> What is expected: Scan the listing below for the word "ebasis" and copy every line that has it.

> Given records:

(* Let $\eta^{ij}$ ($1\le i,j\le N$) be a constant nondegenerate symmetric matrix, let $c\neq 0$ be a constant, set $L=N$ and $\mu^{ij}=c\,\eta^{ij}$, and let $\Phi(u^1,\dots,u^N)$ be a function with $\psi_\alpha=\partial\Phi/\partial u^\alpha$, $1\le\alpha\le N$. Then the system $$\sum_{\alpha,\beta=1}^N\mu^{\alpha\beta}\Big(\frac{\partial^2\psi_\alpha}{\partial u^i\partial u^k}\frac{\partial^2\psi_\beta}{\partial u^j\partial u^l}-\frac{\partial^2\psi_\alpha}{\partial u^i\partial u^l}\frac{\partial^2\psi_\beta}{\partial u^j\partial u^k}\Big)=0\quad(\text{all } i,j,k,l)$$ (Gauss equations) and the system $$\sum_{i,j=1}^N\eta^{ij}\Big(\frac{\partial^2\psi_\alpha}{\partial u^i\partial u^k}\frac{\partial^2\psi_\beta}{\partial u^j\partial u^l}-\frac{\partial^2\psi_\alpha}{\partial u^i\partial u^l}\frac{\partial^2\psi_\beta}{\partial u^j\partial u^k}\Big)=0\quad(\text{all } \alpha,\beta,k,l)$$ (Ricci equations) coincide with each other, and both coincide with the associativity equations $$\sum_{i,j=1}^N\eta^{ij}\Big(\frac{\partial^3\Phi}{\partial u^i\partial u^m\partial u^k}\frac{\partial^3\Phi}{\partial u^j\partial u^n\partial u^l}-\frac{\partial^3\Phi}{\partial u^i\partial u^m\partial u^l}\frac{\partial^3\Phi}{\partial u^j\partial u^n\partial u^k}\Big)=0\quad\text{for all } m,n,k,l.$$ *)

From HB Require Import structures.
From mathcomp Require Import all_boot all_order all_algebra.
From mathcomp Require Import all_classical all_reals all_analysis.
Set Implicit Arguments. Unset Strict Implicit. Unset Printing Implicit Defensive.
Import Order.TTheory GRing.Theory Num.Theory.
Import numFieldNormedType.Exports.
Local Open Scope ring_scope.
Local Open Scope classical_set_scope.

Definition ebasis {R : realType} {N : nat} (i : 'I_N) : 'rV[R]_N := delta_mx 0 i.

Definition pd {R : realType} {N : nat} (i : 'I_N) (f : 'rV[R]_N -> R) : 'rV[R]_N -> R :=
  fun u => derive f u (ebasis i).

(* iterated partial derivative: iter_pd [:: i1; ...; ik] f = d_i1 ( ... (d_ik f)) *)
Definition iter_pd {R : realType} {N : nat} (s : seq 'I_N) (f : 'rV[R]_N -> R) :
  'rV[R]_N -> R := foldr (fun i g => pd i g) f s.

Definition Ck_on {R : realType} {N : nat} (k : nat) (U : set 'rV[R]_N)
  (f : 'rV[R]_N -> R) : Prop :=
  forall s : seq 'I_N, forall u, U u ->
    ((size s <= k)%N -> {for u, continuous (iter_pd s f)}) /\
    ((size s < k)%N -> forall i : 'I_N, derivable (iter_pd s f) u (ebasis i)).

(* The third derivatives T x y z := d_x d_y d_z Phi at u are totally symmetric.
   Symmetry in the last two slots holds because d_y d_z Phi = d_z d_y Phi on
   the open set U, and symmetry in the first two slots is Schwarz's theorem for
   d_z Phi; Schwarz's theorem itself is proved by applying the mean value
   theorem twice to the second difference of f along v and w, in either order.
   Since every coefficient d_i d_k psi_a equals T i k a, the Gauss sum for
   mu = c eta is c times the Ricci sum read with (i, j) and (a, b) exchanged,
   and the Ricci sum is the associativity sum once i and j are exchanged in its
   second product, which uses eta^T = eta. *)

From HB Require Import structures.
From mathcomp Require Import all_boot all_order all_algebra.
From mathcomp Require Import all_classical all_reals all_analysis.
From mathcomp Require Import lra.
Set Implicit Arguments. Unset Strict Implicit. Unset Printing Implicit Defensive.
Import Order.TTheory GRing.Theory Num.Theory.
Import numFieldNormedType.Exports.
Local Open Scope ring_scope.
Local Open Scope classical_set_scope.

Section Schwarz.
Variables (R : realType) (V : normedModType R).

Lemma is_derive_along_line (f : V -> R) (x v : V) (t : R) :
  derivable f (x + t *: v) v ->
  is_derive t 1 (fun s => f (x + s *: v)) ('D_v f (x + t *: v)).
Proof.
have quotientE : (fun h : R => h^-1 *: (((fun s => f (x + s *: v)) \o shift t) (h *: 1)
       - (fun s => f (x + s *: v)) t)) =
   (fun h : R => h^-1 *: ((f \o shift (x + t *: v)) (h *: v) - f (x + t *: v))).
  by apply/funext => h /=; rewrite [h%:A]mulr1 scalerDl addrCA.
by move=> df; apply: DeriveDef; rewrite /derivable /derive quotientE.
Qed.

Lemma MVT_is_derive (g dg : R -> R) (a b : R) : a < b ->
  (forall x, a <= x <= b -> is_derive x 1 g (dg x)) ->
  exists2 c, a < c < b & g b - g a = dg c * (b - a).
Proof.
move=> ab dg_g.
have dg_itv x : x \in `]a, b[%R -> is_derive x 1 g (dg x).
  by rewrite in_itv /= => /andP[ax xb]; apply: dg_g; lra.
have g_cont : {within `[a, b], continuous g}.
  apply: derivable_within_continuous => x; rewrite in_itv /= => /andP[ax xb].
  by have [] := dg_g x ltac:(lra).
by have [c] := MVT ab dg_itv g_cont; rewrite in_itv /=; exists c.
Qed.

Definition second_diff (f : V -> R) (u v w : V) (d : R) :=
  f (u + d *: v + d *: w) - f (u + d *: v) - f (u + d *: w) + f u.

Lemma second_diffC f u v w d : second_diff f u v w d = second_diff f u w v d.
Proof. rewrite /second_diff [u + d *: w + _]addrAC; lra. Qed.

Lemma second_diff_MVT (f : V -> R) (u v w : V) (d : R) : 0 < d ->
  (forall s t, 0 <= s <= d -> 0 <= t <= d ->
     derivable f (u + s *: v + t *: w) v /\
     derivable ('D_v f) (u + s *: v + t *: w) w) ->
  exists s t, [/\ 0 <= s <= d, 0 <= t <= d &
    second_diff f u v w d = d * d * 'D_w ('D_v f) (u + s *: v + t *: w)].
Proof.
move=> d0 df.
pose g s := f (u + d *: w + s *: v) - f (u + s *: v).
pose dg s := 'D_v f (u + d *: w + s *: v) - 'D_v f (u + s *: v).
have dg_g s : 0 <= s <= d -> is_derive s 1 g (dg s).
  move=> s0d; apply: is_deriveB; apply: is_derive_along_line.
    by rewrite addrAC; apply: (df s d s0d _).1; lra.
  by have := (df s 0 s0d _).1; rewrite scale0r addr0; apply; lra.
have [s s0d Es] := @MVT_is_derive g dg 0 d d0 dg_g.
pose h t := 'D_v f (u + s *: v + t *: w).
have dh_h t : 0 <= t <= d -> is_derive t 1 h ('D_w ('D_v f) (u + s *: v + t *: w)).
  by move=> t0d; apply: is_derive_along_line; apply: (df s t _ t0d).2; lra.
have [t t0d Et] := @MVT_is_derive h _ 0 d d0 dh_h.
exists s, t; split; try lra.
have -> : second_diff f u v w d = g d - g 0.
  by rewrite /g /second_diff !scale0r !addr0 [u + d *: w + _]addrAC; lra.
have dgE : dg s = h d - h 0 by rewrite /dg /h scale0r addr0 [u + d *: w + _]addrAC.
by rewrite Es dgE Et !subr0 -mulrA mulrC.
Qed.

Lemma ball_parallelogram (u a b : V) (r d s t : R) :
  d * (`|a| + `|b|) < r -> 0 <= s <= d -> 0 <= t <= d ->
  ball_ Num.norm u r (u + s *: a + t *: b).
Proof.
move=> dr s0d t0d; rewrite /= -addrA opprD addrA subrr sub0r normrN.
apply: le_lt_trans (ler_normD _ _) _; rewrite !normrZ !ger0_norm; try lra.
case/andP: s0d => _ sd; case/andP: t0d => _ td.
have := ler_wpM2r (normr_ge0 a) sd; have := ler_wpM2r (normr_ge0 b) td.
by rewrite mulrDr in dr; lra.
Qed.

Lemma schwarz (f : V -> R) (u v w : V) :
  (\forall y \near u, [/\ derivable f y v, derivable f y w,
      derivable ('D_v f) y w & derivable ('D_w f) y v]) ->
  {for u, continuous ('D_w ('D_v f))} -> {for u, continuous ('D_v ('D_w f))} ->
  'D_w ('D_v f) u = 'D_v ('D_w f) u.
Proof.
move=> df cvw cwv; apply/eqP; rewrite -subr_eq0 -normr_le0.
apply/ler_addgt0Pr => e e0; rewrite add0r; apply/ltW.
have e20 : 0 < e / 2 by rewrite divr_gt0.
have cvw_e : \forall y \near u, `|'D_w ('D_v f) u - 'D_w ('D_v f) y| < e / 2.
  exact: (cvgrPdist_lt _ _).1 cvw _ e20.
have cwv_e : \forall y \near u, `|'D_v ('D_w f) u - 'D_v ('D_w f) y| < e / 2.
  exact: (cvgrPdist_lt _ _).1 cwv _ e20.
have near_u := @filterI _ _ (nbhs_filter u) _ _ df
  (@filterI _ _ (nbhs_filter u) _ _ cvw_e cwv_e).
have [r /= r0 near_r] := (nbhs_normP _ _).1 near_u.
pose d := r / (`|v| + `|w| + 1).
have norms_gt0 : 0 < `|v| + `|w| + 1.
  by have := normr_ge0 v; have := normr_ge0 w; lra.
have d0 : 0 < d by rewrite divr_gt0.
have dr : d * (`|v| + `|w|) < r.
  by rewrite /d mulrAC ltr_pdivrMr // ltr_pM2l // ltrDl.
have dr' : d * (`|w| + `|v|) < r by rewrite addrC.
have [s1 [t1 [s1d t1d E1]]] := @second_diff_MVT f u v w d d0 (fun s t s0d t0d =>
  let: conj (And4 df_v _ dvf_w _) _ := near_r _ (ball_parallelogram u dr s0d t0d) in
  conj df_v dvf_w).
have [s2 [t2 [s2d t2d E2]]] := @second_diff_MVT f u w v d d0 (fun s t s0d t0d =>
  let: conj (And4 _ df_w _ dwf_v) _ := near_r _ (ball_parallelogram u dr' s0d t0d) in
  conj df_w dwf_v).
(* Both mixed derivatives, at points of the ball, equal the same second
   difference divided by d^2. *)
have mixed_eq : 'D_w ('D_v f) (u + s1 *: v + t1 *: w) =
                'D_v ('D_w f) (u + s2 *: w + t2 *: v).
  apply: (mulfI (x := d * d)); first by rewrite mulf_neq0 ?gt_eqF.
  by rewrite -E1 -E2 second_diffC.
have [_ [close1 _]] := near_r _ (ball_parallelogram u dr s1d t1d).
have [_ [_ close2]] := near_r _ (ball_parallelogram u dr' s2d t2d).
rewrite -mixed_eq distrC in close2.
apply: le_lt_trans (ler_distD ('D_w ('D_v f) (u + s1 *: v + t1 *: w)) _ _) _.
by rewrite [e]splitr; apply: ltrD close1 close2.
Qed.

End Schwarz.

Section PartialDerivatives.
Variables (R : realType) (N : nat) (U : set 'rV[R]_N).
Hypothesis oU : open U.

Lemma Ck_on_le (k m : nat) (f : 'rV[R]_N -> R) :
  (k <= m)%N -> Ck_on m U f -> Ck_on k U f.
Proof.
move=> km fC s p Up; have [cont der] := fC s p Up.
by split=> hs; [apply: cont | apply: der]; apply: leq_trans hs km.
Qed.

Lemma Ck_on_pd (k : nat) (f : 'rV[R]_N -> R) (i : 'I_N) :
  Ck_on k.+1 U f -> Ck_on k U (pd i f).
Proof.
move=> fC s p Up; have := fC (rcons s i) p Up.
by rewrite /iter_pd foldr_rcons size_rcons.
Qed.

Lemma Ck_on2_pdC (f : 'rV[R]_N -> R) (i j : 'I_N) (p : 'rV[R]_N) :
  Ck_on 2 U f -> U p -> pd i (pd j f) p = pd j (pd i f) p.
Proof.
move=> fC Up; apply: schwarz; last 2 first.
- exact: (fC [:: i; j] p Up).1.
- exact: (fC [:: j; i] p Up).1.
apply: filterS (open_nbhs_nbhs (conj oU Up)) => q Uq.
by split; [exact: (fC [::] q Uq).2 | exact: (fC [::] q Uq).2
          | exact: (fC [:: j] q Uq).2 | exact: (fC [:: i] q Uq).2].
Qed.

Lemma Ck_on3_pdC13 (f : 'rV[R]_N -> R) (x y z : 'I_N) (u : 'rV[R]_N) :
  Ck_on 3 U f -> U u -> pd x (pd y (pd z f)) u = pd z (pd y (pd x f)) u.
Proof.
move=> fC Uu.
have C12 a b c : pd a (pd b (pd c f)) u = pd b (pd a (pd c f)) u.
  exact: Ck_on2_pdC (Ck_on_pd c fC) Uu.
have C23 a b c : pd a (pd b (pd c f)) u = pd a (pd c (pd b f)) u.
  apply: near_eq_derive; apply: filterS (open_nbhs_nbhs (conj oU Uu)) => q Uq.
  exact: Ck_on2_pdC (Ck_on_le _ fC) Uq.
by rewrite C12 C23 C12.
Qed.

End PartialDerivatives.

Section AssociativityEquations.
Variable N : nat.

Lemma gauss_sum_ricci (F : comRingType) (eta : 'M[F]_N) (c : F)
    (T : 'I_N -> 'I_N -> 'I_N -> F) :
    (forall x y z, T x y z = T z y x) -> forall i j k l,
  \sum_(a < N) \sum_(b < N) (c *: eta) a b *
     (T i k a * T j l b - T i l a * T j k b) =
  c * \sum_(a < N) \sum_(b < N) eta a b *
     (T a k i * T b l j - T a l i * T b k j).
Proof.
move=> TC i j k l; rewrite big_distrr; apply: eq_bigr => a _.
rewrite big_distrr; apply: eq_bigr => b _.
by rewrite mxE (TC i k a) (TC j l b) (TC i l a) (TC j k b) -mulrA.
Qed.

Lemma ricci_sum_assoc (F : comRingType) (eta : 'M[F]_N)
    (T : 'I_N -> 'I_N -> 'I_N -> F) : eta^T = eta -> forall a b k l,
  \sum_(i < N) \sum_(j < N) eta i j *
     (T i k a * T j l b - T i l a * T j k b) =
  \sum_(i < N) \sum_(j < N) eta i j *
     (T i k a * T j l b - T i k b * T j l a).
Proof.
move=> etaT a b k l.
under eq_bigr do under eq_bigr do rewrite mulrBr.
under [RHS]eq_bigr do under eq_bigr do rewrite mulrBr.
under eq_bigr do rewrite sumrB.
under [RHS]eq_bigr do rewrite sumrB.
rewrite !sumrB; congr (_ - _).
rewrite [RHS]exchange_big /=; apply: eq_bigr => i _; apply: eq_bigr => j _.
by rewrite -{2}etaT mxE [T j k b * _]mulrC.
Qed.

Lemma gauss_ricci_assoc_equiv (F : idomainType) (eta : 'M[F]_N) (c : F)
    (T : 'I_N -> 'I_N -> 'I_N -> F) :
    eta^T = eta -> c != 0 -> (forall x y z, T x y z = T z y x) ->
  ((forall i j k l : 'I_N,
      \sum_(a < N) \sum_(b < N) (c *: eta) a b *
        (T i k a * T j l b - T i l a * T j k b) = 0) <->
   (forall a b k l : 'I_N,
      \sum_(i < N) \sum_(j < N) eta i j *
        (T i k a * T j l b - T i l a * T j k b) = 0)) /\
  ((forall a b k l : 'I_N,
      \sum_(i < N) \sum_(j < N) eta i j *
        (T i k a * T j l b - T i l a * T j k b) = 0) <->
   (forall m n k l : 'I_N,
      \sum_(i < N) \sum_(j < N) eta i j *
        (T i m k * T j n l - T i m l * T j n k) = 0)).
Proof.
move=> etaT c0 TC; have gaussE := @gauss_sum_ricci F eta c T TC.
have ricciE := @ricci_sum_assoc F eta T etaT.
split; split.
- move=> gauss a b k l; apply/eqP.
  by rewrite -(mulIr_eq0 _ (mulIf c0)) mulrC -gaussE gauss.
- by move=> ricci i j k l; rewrite gaussE ricci mulr0.
- by move=> ricci m n k l; rewrite -ricciE.
- by move=> assoc a b k l; rewrite ricciE.
Qed.

End AssociativityEquations.

Theorem mainTheorem3 (R : realType) (N : nat) (eta : 'M[R]_N) (c : R)
  (U : set 'rV[R]_N) (Phi : 'rV[R]_N -> R) :
  eta^T = eta -> eta \in unitmx -> c != 0 ->
  open U -> Ck_on 3 U Phi ->
  let mu := c *: eta in
  let psi := fun a : 'I_N => pd a Phi in
  forall u, U u ->
  let Gauss := forall i j k l : 'I_N,
      \sum_(a < N) \sum_(b < N) mu a b *
        (pd i (pd k (psi a)) u * pd j (pd l (psi b)) u
         - pd i (pd l (psi a)) u * pd j (pd k (psi b)) u) = 0 in
  let Ricci := forall a b k l : 'I_N,
      \sum_(i < N) \sum_(j < N) eta i j *
        (pd i (pd k (psi a)) u * pd j (pd l (psi b)) u
         - pd i (pd l (psi a)) u * pd j (pd k (psi b)) u) = 0 in
  let Assoc := forall m n k l : 'I_N,
      \sum_(i < N) \sum_(j < N) eta i j *
        (pd i (pd m (pd k Phi)) u * pd j (pd n (pd l Phi)) u
         - pd i (pd m (pd l Phi)) u * pd j (pd n (pd k Phi)) u) = 0 in
  (Gauss <-> Ricci) /\ (Ricci <-> Assoc).
Proof.
move=> etaT _ c0 oU PhiC mu psi u Uu Gauss Ricci Assoc.
pose T x y z := pd x (pd y (pd z Phi)) u.
have TC x y z : T x y z = T z y x := Ck_on3_pdC13 oU x y z PhiC Uu.
exact: gauss_ricci_assoc_equiv etaT c0 TC.
Qed.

> Reply:
Definition ebasis {R : realType} {N : nat} (i : 'I_N) : 'rV[R]_N := delta_mx 0 i.
  fun u => derive f u (ebasis i).
    ((size s < k)%N -> forall i : 'I_N, derivable (iter_pd s f) u (ebasis i)).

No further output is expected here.